Building a comprehensive set of Technical Indicators in Python for quantitative trading

Building a comprehensive set of Technical Indicators in Python for quantitative trading

The model discovers the hidden structure, patterns, or clusters in the data and provides insights or recommendations based on the data. This type of learning can be used for various tasks in technical analysis, such as clustering and dimensionality reduction. Clustering is the task of grouping similar inputs together based on their features, such as price movements, volatility, or trading volume. Dimensionality reduction is the task of reducing the number of features or variables in the data while preserving essential information or variation. Common unsupervised learning algorithms for technical analysis include k-means, hierarchical clustering, principal component analysis, and t-distributed stochastic neighbor embedding.

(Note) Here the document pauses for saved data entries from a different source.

(* Let $A, B, C, F \in \mathbb{R}^{n\times n}$ with $A$ invertible, and suppose $\rho\left(\lvert CA^{-1}B\rvert\right) < 1$. Then the matrix equation $$AX + B\lvert CX\rvert = F$$ has exactly one solution $X \in \mathbb{R}^{n\times n}$.
   Context: $\rho(\cdot)$ is the spectral radius and $\lvert M\rvert$ the entrywise absolute value of a matrix $M$. *)

From HB Require Import structures.
From mathcomp Require Import all_boot all_order all_algebra.
From mathcomp Require Import complex.
From mathcomp Require Import classical_sets reals.
Set Implicit Arguments. Unset Strict Implicit. Unset Printing Implicit Defensive.
Import Order.TTheory GRing.Theory Num.Theory.
Local Open Scope ring_scope.
Local Open Scope classical_set_scope.

Definition mxabs (R : realType) (m n : nat) (M : 'M[R]_(m, n)) : 'M[R]_(m, n) :=
  map_mx (fun x => `|x|) M.

Definition complex_eigenvalue (R : realType) (n : nat) (M : 'M[R]_n) (l : R[i]) : bool :=
  eigenvalue (map_mx (fun x : R => x%:C%C) M) l.

Definition spectral_radius (R : realType) (n : nat) (M : 'M[R]_n) : R :=
  sup [set Normc.normc l | l in [set l : R[i] | complex_eigenvalue M l]].

(* Write M := C A^-1 B.  X solves the equation iff Y := C X solves
   Y = C A^-1 F - M |Y| and X = A^-1 (F - B |Y|), so it suffices to solve this
   fixed-point equation uniquely.  Call t good if |M| w < t w for some positive
   vector w.  For good t the matrix t - |M| is inverse-positive; as the entries
   of det (t - |M|) adj (t - |M|) 1 are polynomial in t, this passes to the
   limit, so t is good as soon as all s > t are and det (t - |M|) <> 0, which
   holds for t > rho(|M|).  The good set is also open and contains all large
   t, hence it contains c := (rho(|M|) + 1) / 2 < 1.  In the weighted norm
   max_ij |Y_ij| / w_i the map Y |-> C A^-1 F - M |Y| is then a c-contraction,
   and Banach's fixed point theorem concludes. *)

From HB Require Import structures.
From mathcomp Require Import all_boot all_order all_algebra.
From mathcomp Require Import complex.
From mathcomp Require Import real_closed.polyrcf.
From mathcomp Require Import lra.
From mathcomp Require Import all_classical all_reals all_analysis.
Import Order.TTheory GRing.Theory Num.Theory.
Local Open Scope ring_scope.
Set Implicit Arguments. Unset Strict Implicit.

Lemma exists_unique_transfer (T U : Type) (P : T -> Prop) (Q : U -> Prop)
    (f : T -> U) (g : U -> T) :
  (forall x, P x -> Q (f x)) -> (forall y, Q y -> P (g y)) ->
  (forall x, P x -> g (f x) = x) -> (exists! y, Q y) -> exists! x, P x.
Proof.
move=> PQ QP gfK [y [Qy Q_uniq]]; exists (g y); split; first exact: QP.
by move=> x Px; rewrite -(gfK x Px) -(Q_uniq _ (PQ x Px)).
Qed.

Lemma scalar_sub_mulmxE (R : pzRingType) n (P : 'M[R]_n) (t : R)
    (x : 'cV[R]_n) i :
  ((t%:M - P) *m x) i 0 = t * x i 0 - (P *m x) i 0.
Proof. by rewrite mulmxBl mul_scalar_mx !mxE. Qed.

(* [t] exceeds the Collatz-Wielandt ratio [max_i (P w)_i / w_i] of some
   positive vector [w]. *)
Definition cw_bound (R : realFieldType) n (P : 'M[R]_n) (t : R) :=
  exists2 w : 'cV[R]_n,
    (forall i, 0 < w i 0) & (forall i, (P *m w) i 0 < t * w i 0).

Section CollatzWielandtBound.
Variables (R : realFieldType) (n : nat) (P : 'M[R]_n).
Hypothesis P_ge0 : forall i j, 0 <= P i j.

Lemma cw_bound_le t t' : cw_bound P t -> t <= t' -> cw_bound P t'.
Proof.
move=> [w w_gt0 Pw] le_tt'; exists w => // i.
by apply: (lt_le_trans (Pw i)); rewrite ler_wpM2r // ltW.
Qed.

Lemma cw_bound_open t : cw_bound P t -> exists2 t', t' < t & cw_bound P t'.
Proof.
move=> [w w_gt0 Pw].
pose gap i := t * w i 0 - (P *m w) i 0.
have gap_gt0 i : 0 < gap i by rewrite subr_gt0.
pose d := (1 + \sum_i w i 0 / gap i)^-1.
have sum_ge0 : 0 <= \sum_i w i 0 / gap i.
  by rewrite sumr_ge0 // => i _; rewrite divr_ge0 // ltW.
have d_gt0 : 0 < d by rewrite invr_gt0 ltr_pwDl.
exists (t - d); first by rewrite ltrBlDr ltrDl.
exists w => // i.
have : d < gap i / w i 0.
  rewrite /d -invf_div ltf_pV2 ?posrE ?ltr_pwDl ?divr_gt0 //.
  by rewrite (bigD1 i) //= lerDl sumr_ge0 // => k _; rewrite divr_ge0 // ltW.
by rewrite ltr_pdivlMr // mulrBl ltrBrDl -ltrBrDr.
Qed.

Lemma cw_bound_inverse_pos t (x : 'cV[R]_n) : cw_bound P t ->
  (forall i, 0 <= ((t%:M - P) *m x) i 0) -> forall i, 0 <= x i 0.
Proof.
move=> [w w_gt0 Pw] tPx_ge0 i0; rewrite leNgt; apply/negP => xi0_lt0.
have [i _ min_i] := @arg_minP _ _ 'I_n i0 xpredT (fun k => x k 0 / w k 0) isT.
set m := x i 0 / w i 0 in min_i.
have m_lt0 : m < 0.
  by apply: le_lt_trans (min_i i0 isT) _; rewrite pmulr_llt0 ?invr_gt0.
have xi : x i 0 = m * w i 0 by rewrite /m divfK // gt_eqF.
have Px_ge : m * (P *m w) i 0 <= (P *m x) i 0.
  rewrite !mxE mulr_sumr; apply: ler_sum => k _.
  by rewrite mulrCA ler_wpM2l // -ler_pdivlMr //; exact: min_i.
have := tPx_ge0 i; rewrite scalar_sub_mulmxE subr_ge0 => Px_le.
(* [x >= m w] with [m < 0], so [(P x)_i >= m (P w)_i > m t w_i = t x_i]. *)
have : t * x i 0 < t * x i 0.
  rewrite {1}xi mulrCA; apply: lt_le_trans (le_trans Px_ge Px_le).
  by rewrite ltr_nM2l.
by rewrite ltxx.
Qed.

Lemma cw_bound_of_supersolution t (x : 'cV[R]_n) : (forall i, 0 <= x i 0) ->
  (forall i, 0 < ((t%:M - P) *m x) i 0) -> cw_bound P t.
Proof.
move=> x_ge0 tPx_gt0.
have Px_ge0 i : 0 <= (P *m x) i 0.
  by rewrite mxE sumr_ge0 // => k _; rewrite mulr_ge0.
exists x => i; last by rewrite -subr_gt0 -scalar_sub_mulmxE.
rewrite lt_neqAle x_ge0 andbT; apply/eqP => xi0.
move: (tPx_gt0 i).
by rewrite scalar_sub_mulmxE -xi0 mulr0 sub0r oppr_gt0 ltNge Px_ge0.
Qed.

Lemma cw_bound_large : cw_bound P (1 + \sum_i \sum_j P i j).
Proof.
apply: (@cw_bound_of_supersolution _ (const_mx 1)) => i; first by rewrite mxE.
rewrite scalar_sub_mulmxE !mxE mulr1 subr_gt0.
under eq_bigr do rewrite mxE mulr1.
rewrite ltr_pwDl // [leRHS](bigD1 i) //= lerDl.
by rewrite sumr_ge0 // => k _; rewrite sumr_ge0.
Qed.

End CollatzWielandtBound.

Section CharPolyEval.
Variables (R : comNzRingType) (n : nat) (P : 'M[R]_n) (s : R).

Lemma horner_char_poly_mx : map_mx (horner_eval s) (char_poly_mx P) = s%:M - P.
Proof.
apply/matrixP => i j; rewrite !mxE /= horner_evalE hornerD hornerN hornerC.
by case: (i == j); rewrite ?mulr1n ?mulr0n ?hornerX ?horner0.
Qed.

Lemma horner_char_poly : (char_poly P).[s] = \det (s%:M - P).
Proof. by rewrite -horner_char_poly_mx det_map_mx. Qed.

Lemma horner_adj_char_poly_mx i j :
  (\adj (char_poly_mx P) i j).[s] = \adj (s%:M - P) i j.
Proof. by rewrite -horner_char_poly_mx -map_mx_adj [in RHS]mxE. Qed.

End CharPolyEval.

Lemma horner_ge0_from_right (R : rcfType) (q : {poly R}) (t0 : R) :
  (forall s, t0 < s -> 0 <= q.[s]) -> 0 <= q.[t0].
Proof.
move=> q_ge0; rewrite leNgt; apply/negP => q_lt0.
have e_gt0 : 0 < - q.[t0] by rewrite oppr_gt0.
have [d d_gt0 near_t0] := poly_cont t0 q e_gt0.
have t0_lt : t0 < t0 + d / 2 by rewrite ltrDl divr_gt0.
have : `|q.[t0 + d / 2] - q.[t0]| < - q.[t0].
  apply: near_t0; rewrite addrAC subrr add0r ger0_norm ?divr_ge0 ?ltW //.
  by rewrite ltr_pdivrMr // ltr_pMr // ltr1n.
have := q_ge0 _ t0_lt; rewrite ltr_norml => ? /andP[_ ?]; lra.
Qed.

Lemma cw_bound_closed (R : rcfType) n (P : 'M[R]_n) t0 :
  (forall i j, 0 <= P i j) ->
  \det (t0%:M - P) != 0 -> (forall s, t0 < s -> cw_bound P s) -> cw_bound P t0.
Proof.
move=> P_ge0 det_t0 cw_right.
(* The factor [det (s - P)] makes [(s - P) v s] nonnegative whatever the sign
   of the determinant. *)
pose v s : 'cV[R]_n := \det (s%:M - P) *: (\adj (s%:M - P) *m const_mx 1).
have sPv s : (s%:M - P) *m v s = \det (s%:M - P) ^+ 2 *: const_mx 1.
  by rewrite /v -scalemxAr mulmxA mul_mx_adj mul_scalar_mx scalerA expr2.
have v_poly i : exists q : {poly R}, forall s, q.[s] = v s i 0.
  exists (char_poly P * \sum_j \adj (char_poly_mx P) i j) => s.
  rewrite hornerM horner_char_poly horner_sum !mxE; congr (_ * _).
  by apply: eq_bigr => j _; rewrite horner_adj_char_poly_mx !mxE mulr1.
have v_ge0 i : 0 <= v t0 i 0.
  have [q qE] := v_poly i; rewrite -qE.
  apply: horner_ge0_from_right => s t0_lt_s.
  rewrite qE; apply: (cw_bound_inverse_pos P_ge0 (cw_right s t0_lt_s)) => k.
  by rewrite sPv !mxE mulr1 sqr_ge0.
apply: (cw_bound_of_supersolution P_ge0 v_ge0) => i.
by rewrite sPv !mxE mulr1 exprn_even_gt0.
Qed.

Lemma cw_bound_of_det (R : realType) n (P : 'M[R]_n) c :
  (forall i j, 0 <= P i j) ->
  (forall t, c <= t -> \det (t%:M - P) != 0) -> cw_bound P c.
Proof.
move=> P_ge0 det_ge_c; apply: contrapT => not_cw_c.
pose S := [set t | ~ cw_bound P t]%classic.
have S_ub : ubound S (1 + \sum_i \sum_j P i j).
  move=> t St; rewrite leNgt; apply/negP => /ltW le_t.
  exact: St (cw_bound_le (cw_bound_large P_ge0) le_t).
have S_sup : has_sup S by split; [exists c | exists (1 + \sum_i \sum_j P i j)].
have c_le_sup : c <= sup S by exact: sup_upper_bound.
have cw_right t : sup S < t -> cw_bound P t.
  move=> sup_lt; apply: contrapT => St.
  by move: (sup_upper_bound S_sup St); rewrite leNgt sup_lt.
have cw_sup := cw_bound_closed P_ge0 (det_ge_c _ c_le_sup) cw_right.
have [t' t'_lt cw_t'] := cw_bound_open cw_sup.
suff : sup S <= t' by rewrite leNgt t'_lt.
apply: ge_sup; first by exists c.
move=> x Sx; rewrite leNgt; apply/negP => /ltW le_t'x.
exact: Sx (cw_bound_le cw_t' le_t'x).
Qed.

Section SpectralRadius.
Variables (R : realType) (n : nat) (P : 'M[R]_n).

Lemma complex_eigenvalue_real_root t :
  root (char_poly P) t -> complex_eigenvalue P t%:C%C.
Proof.
move=> Pt; rewrite /complex_eigenvalue eigenvalue_root_char.
by rewrite -(map_char_poly (real_complex R)) rmorph_root.
Qed.

Lemma eigenvalue_norm_le_spectral_radius l :
  complex_eigenvalue P l -> Normc.normc l <= spectral_radius P.
Proof.
move=> Pl; apply: sup_upper_bound; last by exists l.
split; first by exists (Normc.normc l), l.
have [rs char_rs] :=
  closed_field_poly_normal (char_poly (map_mx (fun x : R => x%:C%C) P)).
exists (\big[Order.max/0]_(z <- rs) Normc.normc z) => _ [z Pz <-].
apply: le_bigmax_seq => //; move: Pz.
rewrite /= /complex_eigenvalue eigenvalue_root_char char_rs.
by rewrite (monicP (char_poly_monic _)) scale1r root_prod_XsubC.
Qed.

Lemma det_neq0_gt_spectral_radius t :
  spectral_radius P < t -> \det (t%:M - P) != 0.
Proof.
move=> rho_lt; apply/negP => /eqP det0.
have Pt : root (char_poly P) t by rewrite /root horner_char_poly det0.
have := eigenvalue_norm_le_spectral_radius (complex_eigenvalue_real_root Pt).
rewrite /Normc.normc /= expr0n /= addr0 sqrtr_sqr => le_t.
have := ler_norm t; lra.
Qed.

End SpectralRadius.

Section MatrixNorm.
Variables (R : realDomainType) (m p : nat).

Lemma mx_norm_entry_le (Z : 'M[R]_(m, p)) i j : `|Z i j| <= `|Z|.
Proof.
by rewrite [leRHS]/Num.norm /= mx_normrE; exact: (le_bigmax _ _ (i, j)).
Qed.

Lemma mx_norm_le_entries (Z : 'M[R]_(m, p)) b :
  0 <= b -> (forall i j, `|Z i j| <= b) -> `|Z| <= b.
Proof.
move=> b_ge0 Zb; rewrite [leLHS]/Num.norm /= mx_normrE.
by apply: bigmax_le => // -[i j] _; exact: Zb.
Qed.

End MatrixNorm.

Lemma mulmx_mxabs_lipschitz (R : realType) m p (N : 'M[R]_m)
    (Z1 Z2 : 'M[R]_(m, p)) c :
  0 <= c -> (forall i, \sum_k `|N i k| <= c) ->
  `|N *m mxabs Z1 - N *m mxabs Z2| <= c * `|Z1 - Z2|.
Proof.
move=> c_ge0 N_rows; apply: mx_norm_le_entries; first by rewrite mulr_ge0.
move=> i j; rewrite -mulmxBr mxE.
apply: le_trans (ler_norm_sum _ _ _) _.
apply: (@le_trans _ _ (\sum_k `|N i k| * `|Z1 - Z2|));
  last by rewrite -mulr_suml ler_wpM2r.
apply: ler_sum => k _; rewrite normrM ler_wpM2l // !mxE.
apply: le_trans (ler_dist_dist _ _) _.
by have := mx_norm_entry_le (Z1 - Z2) k j; rewrite !mxE.
Qed.

(* A copy of ['M[R]_(m, p)] on which the complete normed module structure that
   Banach's fixed point theorem needs is declared. *)
Definition complete_mx (R : realType) m p := 'M[R]_(m, p).
HB.instance Definition _ (R : realType) m p :=
  NormedModule.copy (complete_mx R m p) 'M[R]_(m, p).
HB.instance Definition _ (R : realType) m p :=
  isPointed.Build (complete_mx R m p) 0.
HB.instance Definition _ (R : realType) m p :=
  Uniform_isComplete.Build (complete_mx R m p) (@mx_complete R m p).

Lemma mxabs_fixpoint_rowsum (R : realType) m p (N : 'M[R]_m)
    (H : 'M[R]_(m, p)) c :
  c < 1 -> (forall i, \sum_k `|N i k| <= c) -> exists! Z, Z = H - N *m mxabs Z.
Proof.
move=> c_lt1 N_rows; set c' := Num.max c 0.
have c'_ge0 : 0 <= c' by rewrite le_max lexx orbT.
have N_rows' i : \sum_k `|N i k| <= c' by rewrite le_max N_rows.
pose f := totalfun_ [set: complete_mx R m p]
  (fun Z => H - N *m mxabs Z : complete_mx R m p).
have f_contr : is_contraction f.
  exists (NngNum c'_ge0); split; first by rewrite gt_max c_lt1 ltr01.
  move=> [Z1 Z2] _ /=; rewrite /totalfun_ opprB addrC addrA subrK.
  by rewrite distrC; exact: mulmx_mxabs_lipschitz.
have [Z _ fZ] := banach_fixed_point f_contr closedT (ex_intro _ 0 I).
exists Z; split => // Z' fZ'.
exact: (contraction_fixpoint_unique f_contr I I fZ fZ').
Qed.

Lemma mxabs_diag_mul (R : realType) m p (d : 'rV[R]_m) (Z : 'M[R]_(m, p)) :
  (forall i, 0 <= d 0 i) -> mxabs (diag_mx d *m Z) = diag_mx d *m mxabs Z.
Proof.
by move=> d_ge0; apply/matrixP => i j; rewrite !mul_diag_mx !mxE normrM ger0_norm.
Qed.

Lemma diag_mx_mulV (R : fieldType) m (d : 'rV[R]_m) :
  (forall i, d 0 i != 0) -> diag_mx d *m diag_mx (map_mx GRing.inv d) = 1%:M.
Proof.
move=> d_neq0; rewrite mulmx_diag -diag_const_mx; congr diag_mx.
by apply/rowP => j; rewrite !mxE divff.
Qed.

Lemma mxabs_fixpoint_cw (R : realType) m p (M : 'M[R]_m) (G : 'M[R]_(m, p)) c :
  cw_bound (mxabs M) c -> c < 1 -> exists! Y, Y = G - M *m mxabs Y.
Proof.
move=> [w w_gt0 Mw] c_lt1.
pose D := diag_mx w^T; pose D' := diag_mx (map_mx GRing.inv w^T).
have DD' : D *m D' = 1%:M by apply: diag_mx_mulV => i; rewrite mxE gt_eqF.
have absD (Z : 'M[R]_(m, p)) : mxabs (D *m Z) = D *m mxabs Z.
  by apply: mxabs_diag_mul => i; rewrite mxE ltW.
have absD' (Z : 'M[R]_(m, p)) : mxabs (D' *m Z) = D' *m mxabs Z.
  by apply: mxabs_diag_mul => i; rewrite !mxE invr_ge0 ltW.
have N_rows i : \sum_k `|(D' *m M *m D) i k| <= c.
  have -> : \sum_k `|(D' *m M *m D) i k| = (mxabs M *m w) i 0 / w i 0.
    rewrite mul_mx_diag mul_diag_mx [in RHS]mxE mulr_suml.
    apply: eq_bigr => k _.
    rewrite !mxE !normrM normfV (gtr0_norm (w_gt0 i)) (gtr0_norm (w_gt0 k)).
    by rewrite -mulrA mulrC.
  by rewrite ler_pdivrMr // ltW.
apply: (exists_unique_transfer (f := mulmx D') (g := mulmx D)) _ _ _
  (mxabs_fixpoint_rowsum (D' *m G) c_lt1 N_rows).
- move=> Y YE; rewrite {1}YE mulmxBr absD' !mulmxA.
  by rewrite -(mulmxA _ D D') DD' mulmx1.
- by move=> Z ZE; rewrite {1}ZE mulmxBr absD !mulmxA DD' !mul1mx.
- by move=> Y _; rewrite mulmxA DD' mul1mx.
Qed.

Unset Implicit Arguments. Set Strict Implicit.

Theorem theorem4p6 (R : realType) (n : nat) (A B C F : 'M[R]_n) :
  A \in unitmx ->
  spectral_radius (mxabs (C *m invmx A *m B)) < 1 ->
  exists! X : 'M[R]_n, A *m X + B *m mxabs (C *m X) = F.
Proof.
move=> A_unit rho_lt1; set M := C *m invmx A *m B in rho_lt1 *.
set rho := spectral_radius (mxabs M) in rho_lt1.
have absM_ge0 i j : 0 <= mxabs M i j by rewrite mxE.
have cw_M : cw_bound (mxabs M) ((rho + 1) / 2).
  apply: cw_bound_of_det absM_ge0 _ => t le_t.
  by apply: det_neq0_gt_spectral_radius; rewrite -/rho; lra.
have c_lt1 : (rho + 1) / 2 < 1 by lra.
have Y_uniq := mxabs_fixpoint_cw (C *m invmx A *m F) cw_M c_lt1.
have solE X : A *m X + B *m mxabs (C *m X) = F <->
    X = invmx A *m (F - B *m mxabs (C *m X)).
  split=> XE; first by rewrite -XE addrK mulKmx.
  by rewrite {1}XE mulKVmx // subrK.
apply: (exists_unique_transfer (f := mulmx C)
  (g := fun Y => invmx A *m (F - B *m mxabs Y))) _ _ _ Y_uniq.
- by move=> X /solE XE; rewrite {1}XE !mulmxBr !mulmxA.
- move=> Y YE; apply/solE.
  suff -> : C *m (invmx A *m (F - B *m mxabs Y)) = Y by [].
  by rewrite {2}YE !mulmxBr !mulmxA.
- by move=> X /solE <-.
Qed.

Whether you’re an experienced trader looking to automate your trading strategies or a beginner interested in learning quantitative trading, this book will be a valuable resource. As defined above, a slow ATR represents 5 days moving average and fast ATR represents 15 days moving average. Using pandas datareader for Yahoo finance database, I extract daily Apple and Netflix stock data from January 1990 to today.

Trend-Following Strategy

The LSTM algorithm has the ability to store historical information and is widely used in stock price prediction (Heaton et al. 2016). The research has successfully developed and tested a stock price prediction model that uses a combination of technical analysis techniques and machine learning methods. The results show that the proposed model is more accurate than traditional methods, especially in the face of high market volatility. The findings emphasize that the integration between technical data and machine learning algorithms not only improves prediction accuracy, but also provides a deeper understanding of stock market dynamics. Although time series and large language models operate under different dynamics (Tan et al. 2024), conventional methods of deep learning often underperform in complicated and noise-filled environments such as the stock market.

Parameters tuning

In addition, data from that year is generally complete and includes various trends and relevant economic events, thus providing a more representative picture of stock market dynamics in regular situations. Rule-based machine learning (RBML) is a branch of machine learning that automatically discovers and learns ‘rules’ from data. It provides interpretable models, making it useful for decision-making in fields like healthcare, fraud detection, and cybersecurity. Key RBML techniques includes learning classifier systems,99 association rule learning,100 artificial immune systems,101 and other similar models. Despite these challenges, our proposed CNN-based model demonstrates better performance than the constant price method.

Integration of Technical Analysis and Machine Learning to Improve Stock Price Prediction Accuracy

At the top, the time series graph of the closing price provides an overview of the trend and pattern of price movements over time. Meanwhile, the ACF and PACF graphs at the bottom show machine learning technical analysis the correlation between the current price and prices at various lags. The slowly decreasing ACF pattern suggests an element of dependence or persistence in the stock price, which is often found in financial data. Then Figure 5 shows the trend and stationarity in stock prices through a scatter plot comparing today’s closing price with the previous day’s closing price.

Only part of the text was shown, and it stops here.